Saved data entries

(* For every parameter budget $p\ge 0$, the set $A_p=\{A : A \text{ is a valid architecture and } \mathrm{numParams}(A)\le p\}$ is finite.
   Context: Fix an input $X\in\mathbb{R}^{H\times W\times C}$ with $H,W,C\in\mathbb{N}^+$ fixed. An architecture $A$ is a finite sequence of layers $l_1,\dots,l_N$ applied in order to the input. Each layer is of one of three kinds: (i) an activation function $\sigma$ drawn from a fixed finite set $\Sigma$ (e.g. sigmoid, ReLU, softmax), which has no parameters and does not change the spatial dimensions; (ii) a non-parametric pooling layer $q_s$ (e.g. max or average pooling) with stride $s$ and kernel size $k$, which has no parameters and, having no padding, reduces each spatial dimension of its input by at least one pixel; (iii) a parametric layer $f_\theta$ (convolution, batch normalization, fully connected), with parameter vector $\theta$ of size $|\theta|\in\mathbb{N}^+$, which does not increase spatial dimensions. For a given input shape there are only finitely many choices of pooling layer producing a valid (positive) output size, and for each $n$ only finitely many choices of parametric layer with $|\theta|\le n$. Standing assumption: if $l_i\in\Sigma$ then $l_{i+1}\notin\Sigma$ (no two consecutive activations). An architecture is valid if every intermediate spatial dimension is a positive integer. $\mathrm{numParams}(A)=\sum_i |\theta_i|$, summing over the parametric layers of $A$. *)

From HB Require Import structures.
From mathcomp Require Import all_boot all_order all_algebra.
From mathcomp Require Import boolp classical_sets cardinality.
Set Implicit Arguments. Unset Strict Implicit. Unset Printing Implicit Defensive.
Import Order.TTheory GRing.Theory Num.Theory.

Local Open Scope ring_scope.

(* A tensor shape: (height, width, channels).  Spatial dimensions are integers
   so that non-positive (invalid) sizes can be represented. *)
Definition shape := (int * int * int)%type.
Definition sh_H (s : shape) : int := s.1.1.
Definition sh_W (s : shape) : int := s.1.2.

(* The layer vocabulary:
   - Act    : the fixed finite set Sigma of activation functions,
   - Pool   : the (descriptions of) non-parametric pooling layers
              (kind, stride s, kernel size k, ...), with output-shape map,
   - Par    : the (descriptions of) parametric layers, with output-shape map
              and parameter count |theta|. *)
Record NetSpec := {
  Act : finType;
  Pool : Type;
  Par : Type;
  pool_out : Pool -> shape -> shape;
  par_out : Par -> shape -> shape;
  par_size : Par -> nat;
}.

Definition spec_ok (S : NetSpec) : Prop :=
  (* pooling (no padding) reduces each spatial dimension by at least one pixel *)
  (forall (q : Pool S) (s : shape),
      sh_H (pool_out q s) <= sh_H s - 1 /\ sh_W (pool_out q s) <= sh_W s - 1) /\
  (forall s : shape,
      finite_set [set q : Pool S | 0 < sh_H (pool_out q s) /\ 0 < sh_W (pool_out q s)]) /\
  (forall f : Par S, (0 < par_size f)%N) /\
  (forall (f : Par S) (s : shape),
      sh_H (par_out f s) <= sh_H s /\ sh_W (par_out f s) <= sh_W s) /\
  (forall n : nat, finite_set [set f : Par S | (par_size f <= n)%N]).

Inductive layer (S : NetSpec) : Type :=
  | LAct of Act S
  | LPool of Pool S
  | LPar of Par S.

Definition arch (S : NetSpec) := seq (layer S).

Definition is_act (S : NetSpec) (l : layer S) : bool :=
  if l is LAct _ then true else false.

Fixpoint no_consec_act (S : NetSpec) (A : arch S) : bool :=
  match A with
  | l1 :: ((l2 :: _) as A') => ~~ (is_act l1 && is_act l2) && no_consec_act A'
  | _ => true
  end.

Definition layer_out (S : NetSpec) (l : layer S) (s : shape) : shape :=
  match l with
  | LAct _ => s
  | LPool q => pool_out q s
  | LPar f => par_out f s
  end.

Fixpoint valid_from (S : NetSpec) (s : shape) (A : arch S) : bool :=
  match A with
  | [::] => true
  | l :: A' =>
      let s' := layer_out l s in
      [&& 0 < sh_H s', 0 < sh_W s' & valid_from s' A']
  end.

Definition layer_params (S : NetSpec) (l : layer S) : nat :=
  if l is LPar f then par_size f else 0%N.

Definition numParams (S : NetSpec) (A : arch S) : nat :=
  sumn (map (@layer_params S) A).

From Pilot Require Import Defs.
From HB Require Import structures.
From mathcomp Require Import all_boot all_order all_algebra.
From mathcomp Require Import boolp classical_sets cardinality.
From mathcomp Require Import zify.
Import Order.TTheory GRing.Theory Num.Theory.

Set Implicit Arguments.
Unset Strict Implicit.

(* Every pooling layer lowers the height by at least one and every parametric layer
   costs a parameter, while neither ever raises the height; since the height
   must stay positive, a valid network with at most p parameters has fewer
   than p + H non-activation layers, and as activations are never adjacent it
   has at most 2(p + H) layers.  Architectures of bounded length and budget
   are finitely many, because from any shape only finitely many first layers
   are valid within the budget. *)

Local Open Scope classical_set_scope.
Local Open Scope ring_scope.

Section NonAdjacent.
Variables (T : Type) (a : pred T).

Let nand_rel (x y : T) := ~~ (a x && a y).

Lemma path_nand_count_le (x : T) (s : seq T) :
  path nand_rel x s -> (count a (x :: s) <= count (predC a) (x :: s) + a x)%N.
Proof.
elim: s x => [|y s IHs] x /=; first by case: (a x).
move=> /andP[nxy /IHs] /=; move: nxy; rewrite /nand_rel.
by case: (a x) (a y) => -[] /=; lia.
Qed.

Lemma size_sorted_nand_le (s : seq T) :
  sorted nand_rel s -> (size s <= (count (predC a) s).*2.+1)%N.
Proof.
case: s => [|x s] // /path_nand_count_le.
rewrite -(count_predC a (x :: s)) -addnn; have := leq_b1 (a x); lia.
Qed.

End NonAdjacent.

Section Architectures.
Variable S : NetSpec.

Lemma no_consec_actE (A : arch S) :
  no_consec_act A = sorted (fun l1 l2 => ~~ (is_act l1 && is_act l2)) A.
Proof. by elim: A => [|l1 [|l2 A] IHA] //; move: IHA => /= ->. Qed.

Section HeightBudget.
Hypothesis pool_shrinks : forall (q : Pool S) s, sh_H (pool_out q s) <= sh_H s - 1.
Hypothesis par_no_grow : forall (f : Par S) s, sh_H (par_out f s) <= sh_H s.
Hypothesis par_size_gt0 : forall f : Par S, (0 < par_size f)%N.

Lemma count_nonact_lt (s : Defs.shape) (A : arch S) :
  0 < sh_H s -> valid_from s A ->
  (count (predC (@is_act S)) A)%:Z < (numParams A)%:Z + sh_H s.
Proof.
elim: A s => [|l A IHA] s Hs /=; first by lia.
move=> /and3P[Hs' _ /(IHA _ Hs')]; rewrite /numParams /=.
case: l Hs' => [x|q|f] /= _.
- by lia.
- by have := pool_shrinks q s; lia.
- by have := par_no_grow f s; have := par_size_gt0 f; lia.
Qed.

End HeightBudget.

Section Enumeration.
Hypothesis pool_finite : forall s : Defs.shape,
  finite_set [set q : Pool S | 0 < sh_H (pool_out q s) /\ 0 < sh_W (pool_out q s)].
Hypothesis par_finite : forall n : nat,
  finite_set [set f : Par S | (par_size f <= n)%N].

Definition bounded_archs (n : nat) (s : Defs.shape) (b : nat) : set (arch S) :=
  [set A | valid_from s A /\ (numParams A <= b)%N /\ (size A <= n)%N].

Lemma finite_first_layers (s : Defs.shape) (b : nat) :
  finite_set [set l : layer S | valid_from s [:: l] /\ (layer_params l <= b)%N].
Proof.
apply: (sub_finite_set (B := range (@LAct S)
  `|` @LPool S @` [set q | 0 < sh_H (pool_out q s) /\ 0 < sh_W (pool_out q s)]
  `|` @LPar S @` [set f | (par_size f <= b)%N])).
  move=> [x|q|f] [/= /and3P[Hh Hw _] Hb]; first by left; left; exists x.
    by left; right; exists q.
  by right; exists f.
rewrite !finite_setU; split; [split|].
- exact/finite_image/finite_finset.
- exact/finite_image/pool_finite.
- exact/finite_image/par_finite.
Qed.

Lemma bounded_archsS (n : nat) (s : Defs.shape) (b : nat) :
  bounded_archs n.+1 s b `<=` [set [::]]
    `|` \bigcup_(l in [set l | valid_from s [:: l] /\ (layer_params l <= b)%N])
          cons l @` bounded_archs n (layer_out l s) (b - layer_params l)%N.
Proof.
move=> [|l A] [/= Hv [Hb Hn]]; first by left.
move: Hv Hb; rewrite /numParams /= => /and3P[Hh Hw Hv] Hb.
right; exists l; first by rewrite /= Hh Hw; split => //; lia.
by exists A => //; split => //; split; rewrite /numParams; lia.
Qed.

Lemma finite_bounded_archs (n : nat) (s : Defs.shape) (b : nat) :
  finite_set (bounded_archs n s b).
Proof.
elim: n s b => [|n IHn] s b.
  apply: (sub_finite_set (B := [set [::]])); last exact: finite_set1.
  by move=> [|l A] [_ [_ Hn]].
apply: (sub_finite_set (@bounded_archsS n s b)).
rewrite finite_setU; split; first exact: finite_set1.
apply: bigcup_finite; first exact: finite_first_layers.
by move=> l _; apply: finite_image.
Qed.

End Enumeration.

End Architectures.

Theorem theorem1 (S : NetSpec) (hS : spec_ok S) (H W C : nat)
    (hH : (0 < H)%N) (hW : (0 < W)%N) (hC : (0 < C)%N) (p : nat) :
  finite_set [set A : arch S |
                no_consec_act A
                /\ valid_from ((Posz H, Posz W), Posz C) A
                /\ (numParams A <= p)%N].
Proof.
have [pool_shrinks [pool_finite [par_size_gt0 [par_no_grow par_finite]]]] := hS.
set s := ((Posz H, Posz W), Posz C).
apply: (sub_finite_set _
  (finite_bounded_archs pool_finite par_finite (2 * (p + H))%N s p)).
move=> A [Hc [Hv Hp]]; split=> //; split=> //.
have Hs : 0 < sh_H s by rewrite /sh_H /=; lia.
have := count_nonact_lt (fun q s => (pool_shrinks q s).1)
  (fun f s => (par_no_grow f s).1) par_size_gt0 Hs Hv.
rewrite no_consec_actE in Hc; have := size_sorted_nand_le Hc.
rewrite /sh_H /=; lia.
Qed.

◆ **WHAT TO PRODUCE**
Above are the entries. Output exactly the lines beginning with the line that has "costs a parameter, while" and ending with the line that has "has at most".

◆ **RESULT FOR THIS EXERCISE**
   costs a parameter, while neither ever raises the height; since the height
   must stay positive, a valid network with at most p parameters has fewer
   than p + H non-activation layers, and as activations are never adjacent it
   has at most 2(p + H) layers.  Architectures of bounded length and budget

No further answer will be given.